巴图用尽了全身最后一丝力气,从喉咙的最深处,发出了一声沙哑的、充满了血腥味的、如同受伤头狼般的愤怒低吼。
他猛地将手中的图腾战斧的末端,狠狠地、用尽全力地敲击了一下脚下的冰晶地面!
“铛——!”
一声清脆刺耳的、金属与冰晶的撞击声,在这片死寂的空间中炸响,如同惊雷。这声音不仅是为了威慑敌人,更是为了用这种激烈的方式,唤醒自己和族人那即将被无尽的伤痛和彻骨的绝望所彻底吞噬的、属于凛冬子民的斗志。
“我们……我们或许……帮不上叶络兄弟的忙……”巴图的目光,死死地锁定着远处那三名如同雕塑般伫立着的“净化者”,他沙哑地说道。
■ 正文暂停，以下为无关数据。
(* Let $\mathcal{K}$ be a discrete index set and, for each $k\in\mathcal{K}$, let $\Theta_k\subseteq\mathbb{R}^{n_k}$. Let $\pi$ be a probability distribution on $\mathcal{X}=\bigcup_{k\in\mathcal{K}}(\{k\}\times\Theta_k)$ with density $\pi(\mathbf{x})=\pi(k)\pi_k(\boldsymbol\theta_k)$, where $\pi(k)$ is the marginal probability of $k$ and $\pi_k$ the conditional density. Let $\nu$ be a univariate reference distribution with density, and for each $k$ let $T_k:\mathbb{R}^{n_k}\to\mathbb{R}^{n_k}$ be a diffeomorphism with $T_k\sharp\pi_k=\otimes_{n_k}\nu$. Consider RJMCMC across-model proposals from $(k,\boldsymbol\theta_k)$ to $(k',\boldsymbol\theta'_{k'})$, $k'\sim j_k$, constructed as follows, where for $n_{k'}\ge n_k$ with $w_k=n_{k'}-n_k$, $\bar h_{k,k'}:\mathbb{R}^{n_k}\times\mathbb{R}^{w_k}\to\mathbb{R}^{n_{k'}}$ is a volume-preserving diffeomorphism with $\bar h_{k,k'}\sharp\otimes_{n_{k'}}\nu=\otimes_{n_{k'}}\nu$: if $n_{k'}\ge n_k$, set $\mathbf{z}_k=T_k(\boldsymbol\theta_k)$, draw $\mathbf{u}_k\sim\otimes_{w_k}\nu$, and set $\boldsymbol\theta'_{k'}=T_{k'}^{-1}(\bar h_{k,k'}(\mathbf{z}_k,\mathbf{u}_k))$; if $n_{k'}<n_k$, set $(\mathbf{z}_{k'},\mathbf{u}_{k'})=\bar h_{k',k}^{-1}(T_k(\boldsymbol\theta_k))$, discard $\mathbf{u}_{k'}$, and set $\boldsymbol\theta'_{k'}=T_{k'}^{-1}(\mathbf{z}_{k'})$. These are accepted with the standard RJMCMC acceptance probability $$\alpha(\mathbf{x},\mathbf{x}')=1\wedge\frac{\pi(\mathbf{x}')\,j_{k'}(k)\,g_{k',k}(\mathbf{u}_{k'})}{\pi(\mathbf{x})\,j_k(k')\,g_{k,k'}(\mathbf{u}_k)}\,\big|J_{h_{k,k'}}(\boldsymbol\theta_k,\mathbf{u}_k)\big|,$$ where $h_{k,k'}$ is the composite map $(\boldsymbol\theta_k,\mathbf{u}_k)\mapsto(\boldsymbol\theta'_{k'},\mathbf{u}_{k'})$ and $g_{k,k'}$, $g_{k',k}$ are the densities ($\otimes_{w}\nu$, or $1$ if the auxiliary vector is empty) of the auxiliary variables of the forward and reverse moves. If the model-jump distributions $\{j_k\}$ are chosen such that $$\pi(k')\,j_{k'}(k)=\pi(k)\,j_k(k')\quad\text{for all }k,k'\in\mathcal{K},$$ then the proposal is rejection-free, i.e. $\alpha(\mathbf{x},\mathbf{x}')=1$ for every proposed across-model move.
   Context: For a map $T$ and distribution $\mu$, $T\sharp\mu$ denotes the pushforward. $\otimes_n\nu$ is the $n$-fold product distribution of $\nu$. $|J_f|$ is the absolute Jacobian determinant. $j_k(k')$ is the probability of proposing model $k'$ from model $k$; $\wedge$ denotes minimum. A diffeomorphism is volume-preserving if its absolute Jacobian determinant is identically $1$. *)

From HB Require Import structures.
From mathcomp Require Import all_boot all_order all_algebra.
From mathcomp Require Import all_classical all_reals all_analysis.
Set Implicit Arguments. Unset Strict Implicit. Unset Printing Implicit Defensive.
Import Order.TTheory GRing.Theory Num.Theory.
Import numFieldNormedType.Exports.
Local Open Scope ring_scope.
他很清楚,以他们三人此刻油尽灯枯的状态,再冲上去与那三个实力远超普通超凡者的怪物正面对决,其结果不会有任何改变,不过是白白地、毫无意义地多添三具尸体。
“但是!”
他的话锋猛地一转,那双因为失血而显得有些浑浊的眼睛里,重新燃烧起了一丝不屈的、如同野火般顽强的火焰。
“我们……绝不能让他们,去打扰叶络兄弟!”
他的目光,如同最锋利的鹰隼,扫向那三名“净化者”。他发现,那三人并没有第一时间冲向核心战场,去与他们的主人艾萨克并肩作战。而是呈现出一个完美的等边三角形阵型,散布在主战场的边缘地带。他们的姿态是那么的从容,那么的……冷漠。
巴图瞬间就明白了他们的目的。
他们是在……清场。
他们是在以一种绝对的自信,防止有任何他们眼中的“杂鱼”,去干扰他们那位伟大的、正在进行“净化”世界的神圣仪式的……艾萨克大人。
而巴图和他仅存的族人,就是他们眼中,首先需要被清理掉的……最后的“杂鱼”。
“听着!”巴图对着仅存的两名族人,用一种不容置疑的、属于部落领袖的威严语气,沉声命令道,每一个字都像是从牙缝里挤出来的,“我们的任务,变了!我们的任务,就是……拖住他们!用尽我们最后一口气,用尽我们最后一切的办法,哪怕是……用我们的牙齿去咬,用我们的骨头去挡,也必须要把他们三个,死死地、像钉子一样,钉在这里!”
“为了……狼神!”
“为了……我们的家园!”
那两名原本已经精神濒临崩溃、身体达到极限的雪狼勇士,在听到巴图这番充满了决死意味的、如同遗言般的命令后,眼中那丝浓重的绝望,如同被狂风吹散的乌云,渐渐地被一种……与生俱来的、流淌在血脉里的、属于凛冬之民的悍不畏死所彻底取代。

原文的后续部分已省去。